Lemma term_eval_image : range term_eval = generated_subalg opA (range v).
Proof.
apply/seteqP; split=> [_ [t _ <-] S vS S_closed|y].
  elim/term_nested_ind: t => [x|n o ts IH]; [by apply: vS; exists x|exact: S_closed].
apply; first by move=> _ [x _ <-]; exists (Var Omega x).
move=> n o a a_range.
have /choice[ts tsE] : forall i, exists t, term_eval t = a i.
  by move=> i; have [t _ <-] := a_range i; exists t.
exists (Op o (finfun ts)) => //=.
by congr opA; apply: funext => i; rewrite ffunE.
Qed.
End TermEval.

Lemma term_eval_continuous (Omega : nat -> topologicalType) (X A : topologicalType)
    (opA : ops Omega A) (v : X -> A) :
  top_alg opA -> continuous v -> continuous (term_eval opA v).
Proof.
move=> opA_cont v_cont; elim/term_nested_ind => [x|n o ts IH] N; rewrite nbhs_simpl.
  move=> /v_cont Nv; apply: filterS (nbhs_Var Omega Nv) => _ [y Ny ->]; exact: Ny.
move=> /(opA_cont n (o, fun i => term_eval opA v (ts i))) [[P Q] [/= Po Qts] PQN].
have [W Wts WQ] := ptws_nbhs_box Qts.
apply: filterS (nbhs_Op Po (fun i => IH i _ (Wts i))) => _ [o' [ts' [-> Po' Wts']]].
by apply: (PQN (o', fun i => term_eval opA v (ts' i))); split=> //; exact: WQ.
Qed.

Section FreeStone.
Variables (Omega : nat -> topologicalType) (X : topologicalType).
Hypotheses (X0 : zero_dim X) (Omega0 : forall n, zero_dim (Omega n)).
Variables (Fr : topologicalType) (opF : ops Omega Fr) (iota : X -> Fr).
Hypothesis free : free_stone_alg opF iota.
Local Notation h := (term_eval opF iota).

Lemma finite_hom_factors (phi : finite_hom Omega X) :
  exists2 hp : Fr -> discrete_topology (fh_alg phi),
    continuous hp & forall t, hp (h t) = phi t.
Proof.
have [_ _ _ univ] := free.
have [hp [[hp_cont hp_hom hp_iota] _]] :=
  univ _ _ (finite_discrete_stone (fh_ops_lc (f:=phi)))
    _ (locally_constant_continuous (fh_var_lc phi)).
exists hp => // t; suff -> : (phi : term Omega X -> _) = hp \o h by [].
apply: term_hom_eq (fh_is_hom phi) (is_hom_comp (term_eval_hom _ _) hp_hom) _.
by rewrite hp_iota.
Qed.

Lemma term_eval_free_injective : injective h.
Proof.
move=> a b hab; apply: contrapT => /(finite_hom_separates X0 Omega0)[phi ab]; apply: ab.
by have [hp _ hpE] := finite_hom_factors phi; rewrite -!hpE hab.
Qed.

Lemma term_eval_free_inverse_continuous (g : Fr -> term Omega X) :
  cancel h g -> {within range h, continuous g}.
Proof.
move=> hK; apply/subspace_continuousP => _ [t _ <-] N.
rewrite /from_subspace /= hK => /(finite_hom_fiber_nbhs X0 Omega0)[phi phiN].
have [hp hp_cont hpE] := finite_hom_factors phi.
change (within (range h) (nbhs (h t)) (g @^-1` N)).
have near_t : nbhs (h t) (hp @^-1` [set hp (h t)]) := hp_cont (h t) _ (discrete_set1 _).
rewrite /within; apply: filterS near_t => y /= hp_eq [s _ sy]; subst y.
by rewrite hK; apply: phiN; rewrite -!hpE.
Qed.
End FreeStone.

Unset Implicit Arguments.
Theorem proposition4p7 (Omega : nat -> topologicalType) (X : topologicalType) :
  zero_dim X -> (forall n : nat, zero_dim (Omega n)) ->
  residually_finite (@term_ops Omega X) /\
  forall (Fr : topologicalType) (opF : ops Omega Fr) (iota : X -> Fr),
    free_stone_alg opF iota ->
    exists h : term Omega X -> Fr,
      [/\ [/\ continuous h, is_hom (@term_ops Omega X) opF h
            & h \o @Var Omega X = iota],
          (forall h' : term Omega X -> Fr,
              continuous h' -> is_hom (@term_ops Omega X) opF h' ->
              h' \o @Var Omega X = iota -> h' = h),
          injective h,
          h @` setT = generated_subalg opF (range iota) &
          exists g : Fr -> term Omega X,
            (forall t, g (h t) = t) /\
            {within generated_subalg opF (range iota), continuous g}].
Proof.
move=> X0 Omega0; split; first exact: term_residually_finite.
move=> Fr opF iota free; have [[opF_cont _ _ _] iota_cont sub_dense _] := free.
pose h := term_eval opF iota.
have h_inj : injective h := term_eval_free_injective X0 Omega0 free.
have [|g hK] := injective_dense_range_inverse h_inj; first by rewrite term_eval_image.
exists h; split.
- by split; [exact: term_eval_continuous|exact: term_eval_hom|].
- by move=> h' _ h'_hom h'_iota; apply: term_hom_eq h'_hom (term_eval_hom _ _) _.
- exact: h_inj.
- exact: term_eval_image.
- exists g; split=> //; rewrite -term_eval_image.
  exact: term_eval_free_inverse_continuous.
Qed.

* [Exercise]:
For every line of the records that has the word "Variables" in it, make a copy.

* [Exercise solution]:
Variables (Omega : nat -> topologicalType) (X : topologicalType).
Variables (Fr : topologicalType) (opF : ops Omega Fr) (iota : X -> Fr).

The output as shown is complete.